No Place For "Cute" In Family Programming | Guest Blogger Mara McEwin on Risky Programming

My mother is a painter. We weren’t allowed to use the word “cute” in the house, let alone when describing artwork. I have grown up not wanting to watch “cute” either. I don’t think we should want it for our family programming. We want work that doesn’t dumb down the audience. We want work that speaks to us on many levels.

Recently I returned from the International Performing Arts for Young People (IPAY) conference. Chrissie went too. Now that we, Treehouse Shakers, have Piccadilly Arts as our arts manager, I don’t think it is so pertinent that the other co-founder and I attend these performing booking conferences. This year I went though, primarily because I wanted the artistic inspiration. Every year I experience a performance that I love, that inspires me on all levels: as a writer, performer, director, and producer. This year wasn’t any different. Towards the end of the weeklong conference, I fell in love with two pieces, one from Italy that was dark, brilliant, and aesthetically juicy. I also loved a piece from Canada that I found more on the fence of performance art for kids and I LOVED it!
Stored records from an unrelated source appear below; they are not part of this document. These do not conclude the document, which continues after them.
Lemma log_rate_of_tradeoff (f : R -> R) K q Rlow : 0 <= K -> 0 < q -> 1 < Rlow ->
  (forall a Rr, 0 < a -> Rlow <= Rr -> f a <= K / Rpower (ln Rr) q + 2 * a * Rr) ->
  exists C a0, 0 < C /\ 0 < a0 /\
    forall a, 0 < a < a0 -> f a <= C * Rpower (ln (1 / a)) (- q).
Proof.
  intros HK Hq HRlow Hf.
  destruct (exp_neg_le_Rpower_neg (1 / 2) q) as [C1 [HC1 Hexp]]; [lra|exact Hq|].
  destruct (ln_inv_large (2 * ln Rlow)) as [a0 [Ha0 Hsmall]].
  exists (K * Rpower 2 q + 2 * C1), a0.
  split; [pose proof (exp_pos (q * ln 2)); unfold Rpower; nra|].
  split; [exact Ha0|].
  intros a Ha. set (t := ln (1 / a)).
  assert (Ht : 2 * ln Rlow < t) by (apply Hsmall, Ha).
  assert (HlnR : 0 < ln Rlow) by (rewrite <- ln_1; apply ln_increasing; lra).
  (* the radius [Rr = a^(-1/2)] balances the two terms *)
  assert (HR : Rlow <= exp (t / 2)).
  { rewrite <- (exp_ln Rlow) by lra. apply exp_le_compat. lra. }
  eapply Rle_trans; [apply (Hf a _ (proj1 Ha) HR)|].
  rewrite ln_exp.
  assert (Approx : K / Rpower (t / 2) q = K * Rpower 2 q * Rpower t (- q)).
  { unfold Rpower, Rdiv. rewrite ln_mult, ln_Rinv by lra.
    rewrite <- exp_Ropp, Rmult_assoc, <- exp_plus. do 2 f_equal. ring. }
  assert (Penalty : 2 * a * exp (t / 2) = 2 * exp (- (1 / 2 * t))).
  { rewrite <- (exp_neg_ln_inv a) at 1 by lra. fold t.
    rewrite Rmult_assoc, <- exp_plus. do 2 f_equal. field. }
  rewrite Approx, Penalty. specialize (Hexp t ltac:(lra)). lra.
Qed.

Lemma parameter_choice_exp c zeta delta : 0 < c -> 0 < delta ->
  c * Rpower delta zeta = exp (ln c - zeta * ln (1 / delta)).
Proof.
  intros Hc Hd. unfold Rpower. rewrite <- (exp_ln c) at 1 by exact Hc. rewrite <- exp_plus.
  f_equal. unfold Rdiv. rewrite Rmult_1_l, ln_Rinv by exact Hd. ring.
Qed.

Lemma noise_over_parameter c zeta s : 0 < c ->
  exp (- s) / exp (ln c - zeta * s) = / c * exp (- ((1 - zeta) * s)).
Proof.
  intros Hc. unfold Rdiv. rewrite <- (exp_ln c) at 2 by exact Hc.
  rewrite <- !exp_Ropp, <- !exp_plus. f_equal. ring.
Qed.
Lemma drift_at_origin_le s t : -1 <= s -> s <= t -> t <= 0 -> u origin t <= u origin s + A + slope.
Proof.
  intros Hs Hst Ht.
  assert (Hex : exists c, cyl s t c /\ forall q, cyl s t q -> gap s q <= gap s c).
  { apply BoxMax.box_max; [|now apply continuous_within_gap].
    intros i _. destruct (Nat.ltb i n); [pose proof width_pos|]; lra. }
  destruct Hex as [c [Hc Hmax]].
  pose proof (Hmax _ (spacetime_in_cyl s t origin t (proj1 (origin_inB1 n)) (fun i _ => origin_in_cube i) ltac:(lra))) as Hm.
  pose proof (gap_max_nonpos s t c Hs Hst Ht Hc Hmax) as Hneg.
  rewrite gap_spacetime in Hm by apply origin_inB1.
  unfold barrier, parab in Hm. rewrite sqnorm_origin in Hm.
  pose proof slope_pos. nra.
Qed.

End Comparison.

Theorem lemma4p3 :
  forall (n : nat) (Lam : R), (1 <= n)%nat -> 0 < Lam ->
  exists C : R, 0 < C /\
    forall (lam : R) (a : nat -> nat -> Pt -> R -> R) (u : Pt -> R -> R) (A : R),
      0 < lam -> lam <= Lam ->
      unif_elliptic n lam Lam a ->
      continuous_on_Q1bar n u ->
      visc_solution n a u ->
      0 < A ->
      (forall t, -1 <= t <= 0 -> osc_B1_le n u t A) ->
      osc_Q1_le n u (C * A).
Proof.
  intros n Lam Hn HLam.
  pose proof (pow_le (INR n) 3 (pos_INR n)).
  exists (4 + 16 * INR n ^ 3 * Lam). split; [nra|].
  intros lam a u A _ _ He Hu [Hsub Hsup] HA Hosc.
  assert (Hdrift : forall s t, -1 <= s <= 0 -> -1 <= t <= 0 ->
    u origin t - u origin s <= A + slope n Lam A).
  { intros s t Hs Ht. destruct (Rle_dec s t).
    - pose proof (drift_at_origin_le n lam Lam a u A Hn HLam He Hu Hsub HA Hosc s t). lra.
    - pose proof (drift_at_origin_le n lam Lam a (fun x t => - u x t) A Hn HLam He
        (continuous_on_Q1bar_opp n u Hu) (visc_super_opp n a u Hsup) HA
        (fun t Ht => osc_B1_le_opp n u t A (Hosc t Ht)) t s). lra. }
  intros x t y s [Hx Ht] [Hy Hs].
  pose proof (Hosc t ltac:(lra) x origin Hx (origin_inB1 n)).
  pose proof (Hosc s ltac:(lra) origin y (origin_inB1 n) Hy).
  pose proof (Hdrift s t ltac:(lra) ltac:(lra)).
  rewrite slope_eq in * by exact Hn. lra.
Qed.
(* For every Stackelberg game $(G,L,F)$, $\mathcal{X}^S\subseteq\mathcal{X}^{S\text{-}NF}$ and $\mathcal{X}^{PS}\subseteq\mathcal{X}^{PS\text{-}NF}$, where $\mathcal{X}^S,\mathcal{X}^{PS}$ refer to $(G,L,F)$ and $\mathcal{X}^{S\text{-}NF},\mathcal{X}^{PS\text{-}NF}$ refer to $(G,N,\emptyset)$.
   Context: A finite game is $G=(N,\{S_p\}_{p\in N},\{u_p\}_{p\in N})$ with players $N=\{1,\dots,n\}$, finite nonempty strategy sets $S_p$, and utilities $u_p:S\to\mathbb{R}$ on $S=\prod_{p\in N}S_p$; write $s=(s_p,s_{-p})$ with $s_{-p}\in S_{-p}=\prod_{q\neq p}S_q$. $\mathcal{X}=\Delta(S)$ is the set of probability distributions on $S$ and $u_p(x)=\sum_{s\in S}x(s)u_p(s)$ for $x\in\mathcal{X}$. For $P\subseteq N$, $\mathcal{X}^{CE}_P$ is the set of $x\in\mathcal{X}$ such that for every $p\in P$ and all $s_p\neq s_p'\in S_p$: $\sum_{s_{-p}\in S_{-p}} x(s_p,s_{-p})\,(u_p(s_p,s_{-p})-u_p(s_p',s_{-p}))\ge 0$; $\mathcal{X}^{CE}=\mathcal{X}^{CE}_N$ is the set of correlated equilibria of $G$. A Stackelberg game (SG) is a triple $(G,L,F)$ with $L\cup F=N$ and $L\cap F=\emptyset$ (leaders and followers). For $P\subseteq N$, $\Pi_P$ is the set of ordered subsets of $P$ (finite sequences of pairwise distinct elements of $P$, including the empty sequence $\varnothing$); for $\pi\in\Pi_P$ and $p\in P$ not occurring in $\pi$, $\pi p$ is $\pi$ with $p$ appended; when used as a set, $\pi$ means its set of entries. $\mathbf{X}=\prod_{\pi\in\Pi_L}\mathcal{X}^{CE}_{\pi\cup F}$, with elements $\mathbf{x}=[x_\pi]_{\pi\in\Pi_L}$. For $\mathbf{x}\in\mathbf{X}$ and $\pi\in\Pi_L$, $x_\pi$ is stable if $u_p(x_\pi)\ge u_p(x_{\pi p})$ for all $p\in L\setminus\pi$; $\mathbf{x}$ is stable if $x_\varnothing$ is stable, and perfectly stable if $x_\pi$ is stable for every $\pi\in\Pi_L$; $\mathbf{X}^{S}$ and $\mathbf{X}^{PS}$ denote the sets of stable and perfectly stable elements of $\mathbf{X}$. $\mathcal{X}^S=\{x_\varnothing:\mathbf{x}\in\mathbf{X}^S\}$ and $\mathcal{X}^{PS}=\{x_\varnothing:\mathbf{x}\in\mathbf{X}^{PS}\}$ (for the given SG). $\mathcal{X}^{S\text{-}NF}$ and $\mathcal{X}^{PS\text{-}NF}$ are the sets $\mathcal{X}^S$ and $\mathcal{X}^{PS}$ computed for the SG $(G,N,\emptyset)$ in which every player is a leader. *)

From HB Require Import structures.
From mathcomp Require Import all_boot all_order all_algebra.
Set Implicit Arguments. Unset Strict Implicit. Unset Printing Implicit Defensive.
Import Order.TTheory GRing.Theory Num.Theory.
Local Open Scope ring_scope.

Section StackelbergDefs.
Variables (R : realFieldType) (n : nat) (T : 'I_n -> finType).

Definition profile := {dffun forall p : 'I_n, T p}.

Definition dev (s : profile) (p : 'I_n) (t : T p) : profile :=
  [ffun q => dfwith s t q].
Arguments dev : clear implicits.

(* elements of Delta(S) are represented as functions S -> R *)
Definition is_dist (x : {ffun profile -> R}) : Prop :=
  (forall s, 0 <= x s) /\ \sum_s x s = 1.

Variable u : 'I_n -> profile -> R.

Definition EU (p : 'I_n) (x : {ffun profile -> R}) : R := \sum_s x s * u p s.

Definition CE (P : {set 'I_n}) (x : {ffun profile -> R}) : Prop :=
  is_dist x /\
  forall p, p \in P -> forall a b : T p, a != b ->
    0 <= \sum_(s : profile | s p == a) x s * (u p s - u p (dev s p b)).

(* ordered subsets of P: duplicate-free sequences of elements of P *)
Definition ordsub (P : {set 'I_n}) (pi : seq 'I_n) : Prop :=
  uniq pi /\ {subset pi <= P}.

(* bold X for the SG (G,L,F): families indexed by ordered subsets of L;
   values at sequences outside Pi_L are irrelevant *)
Definition inX (L F : {set 'I_n}) (x : seq 'I_n -> {ffun profile -> R}) : Prop :=
  forall pi, ordsub L pi -> CE ([set q | q \in pi] :|: F) (x pi).

Definition stable_at (L : {set 'I_n}) (x : seq 'I_n -> {ffun profile -> R})
  (pi : seq 'I_n) : Prop :=
  forall p, p \in L -> p \notin pi -> EU p (x (rcons pi p)) <= EU p (x pi).

Definition XS (L F : {set 'I_n}) (y : {ffun profile -> R}) : Prop :=
  exists x, [/\ inX L F x, stable_at L x [::] & x [::] = y].

Definition XPS (L F : {set 'I_n}) (y : {ffun profile -> R}) : Prop :=
  exists x, [/\ inX L F x, (forall pi, ordsub L pi -> stable_at L x pi)
                & x [::] = y].

End StackelbergDefs.

From HB Require Import structures.
From mathcomp Require Import all_boot all_order all_algebra.
Import Order.TTheory GRing.Theory Num.Theory.
Set Implicit Arguments. Unset Strict Implicit. Unset Printing Implicit Defensive.
Local Open Scope ring_scope.

(* Given a family x = [x_pi]_(pi in Pi_L) for the game (G, L, F), define the
   family for (G, N, set0) by forgetting followers in the order of
   commitment:  x'_pi := x_(pi restricted to L).
   - Each x'_pi lies in X^CE_pi: the restriction pi|_L is an ordered subset
     of L, so x_(pi|_L) is a correlated equilibrium for the players of
     pi|_L together with all followers F, and since L and F cover N this
     set contains every player of pi; CE constraints are antitone in the
     set of players.
   - Stability transfers pointwise: for a leader p, (rcons pi p)|_L is
     rcons (pi|_L) p, so the inequality is the one of x at pi|_L; for a
     follower p, appending p does not change the restriction and the
     inequality is trivial.
   Applied at the empty sequence this gives X^S, applied at all ordered
   subsets it gives X^PS. *)

Section NormalFormEmbedding.
Variables (R : realFieldType) (n : nat) (T : 'I_n -> finType).
Variable u : 'I_n -> profile T -> R.

Lemma CE_sub (P Q : {set 'I_n}) (x : {ffun profile T -> R}) :
  Q \subset P -> CE u P x -> CE u Q x.
Proof. by move=> /subsetP sQP [xdist xCE]; split=> // p /sQP; exact: xCE. Qed.

Lemma ordsub_filter (L : {set 'I_n}) (pi : seq 'I_n) :
  uniq pi -> ordsub L [seq q <- pi | q \in L].
Proof.
by move=> upi; split; [exact: filter_uniq | move=> q; rewrite mem_filter => /andP[]].
Qed.

Variables (L F : {set 'I_n}).
Hypothesis LF_cover : L :|: F = setT.

Definition forget_followers (x : seq 'I_n -> {ffun profile T -> R}) :
  seq 'I_n -> {ffun profile T -> R} :=
  fun pi => x [seq q <- pi | q \in L].

Lemma players_covered (pi : seq 'I_n) :
  [set q | q \in pi] \subset [set q | q \in [seq q <- pi | q \in L]] :|: F.
Proof.
apply/subsetP => q; rewrite !inE mem_filter => qpi.
have : q \in L :|: F by rewrite LF_cover inE.
by rewrite inE qpi andbT.
Qed.

Lemma inX_forget_followers (x : seq 'I_n -> {ffun profile T -> R}) :
  inX u L F x -> inX u setT set0 (forget_followers x).
Proof.
move=> xX pi [upi _]; rewrite setU0.
exact: CE_sub (players_covered pi) (xX _ (ordsub_filter L upi)).
Qed.

Lemma stable_forget_followers (x : seq 'I_n -> {ffun profile T -> R})
    (pi : seq 'I_n) :
  stable_at u L x [seq q <- pi | q \in L] ->
  stable_at u setT (forget_followers x) pi.
Proof.
move=> xstable p _ p_notin_pi; rewrite /forget_followers filter_rcons.
case: ifP => pL; last exact: lexx.
by apply: xstable; rewrite // mem_filter negb_and p_notin_pi orbT.
Qed.

End NormalFormEmbedding.

Theorem mainTheorem14 (R : realFieldType) (n : nat) (T : 'I_n -> finType)
  (hT : forall p, (0 < #|T p|)%N) (u : 'I_n -> profile T -> R)
  (L F : {set 'I_n}) (hLF : L :|: F = setT) (hLF' : L :&: F = set0) :
  (forall y, XS u L F y -> XS u setT set0 y) /\
  (forall y, XPS u L F y -> XPS u setT set0 y).
Proof.
split=> y [x [xX xstable <-]]; exists (forget_followers L x).
- split; [exact: (inX_forget_followers hLF xX) | | by []].
  exact: (stable_forget_followers (pi := [::])).
- split; [exact: (inX_forget_followers hLF xX) | | by []].
  move=> pi [upi _]; apply: stable_forget_followers.
  exact: xstable (ordsub_filter L upi).
Qed.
I came home inspired. I wrote. I began the production planning for a new project. I even began writing the grants. And then I wrote some more. Risky programming it may be, but I feel alive and excited to make something new.

Treehouse Shakers has always strived to make interesting work. Every time we make something new, we push our own concept of dance-theater, our style of storytelling, and what youth programming can look like. In our nearly fifteen years of making work I have never wanted to make work like other people’s. I also don’t want to watch work that is the same. I want to watch work that is enthralling, visual, and stimulating.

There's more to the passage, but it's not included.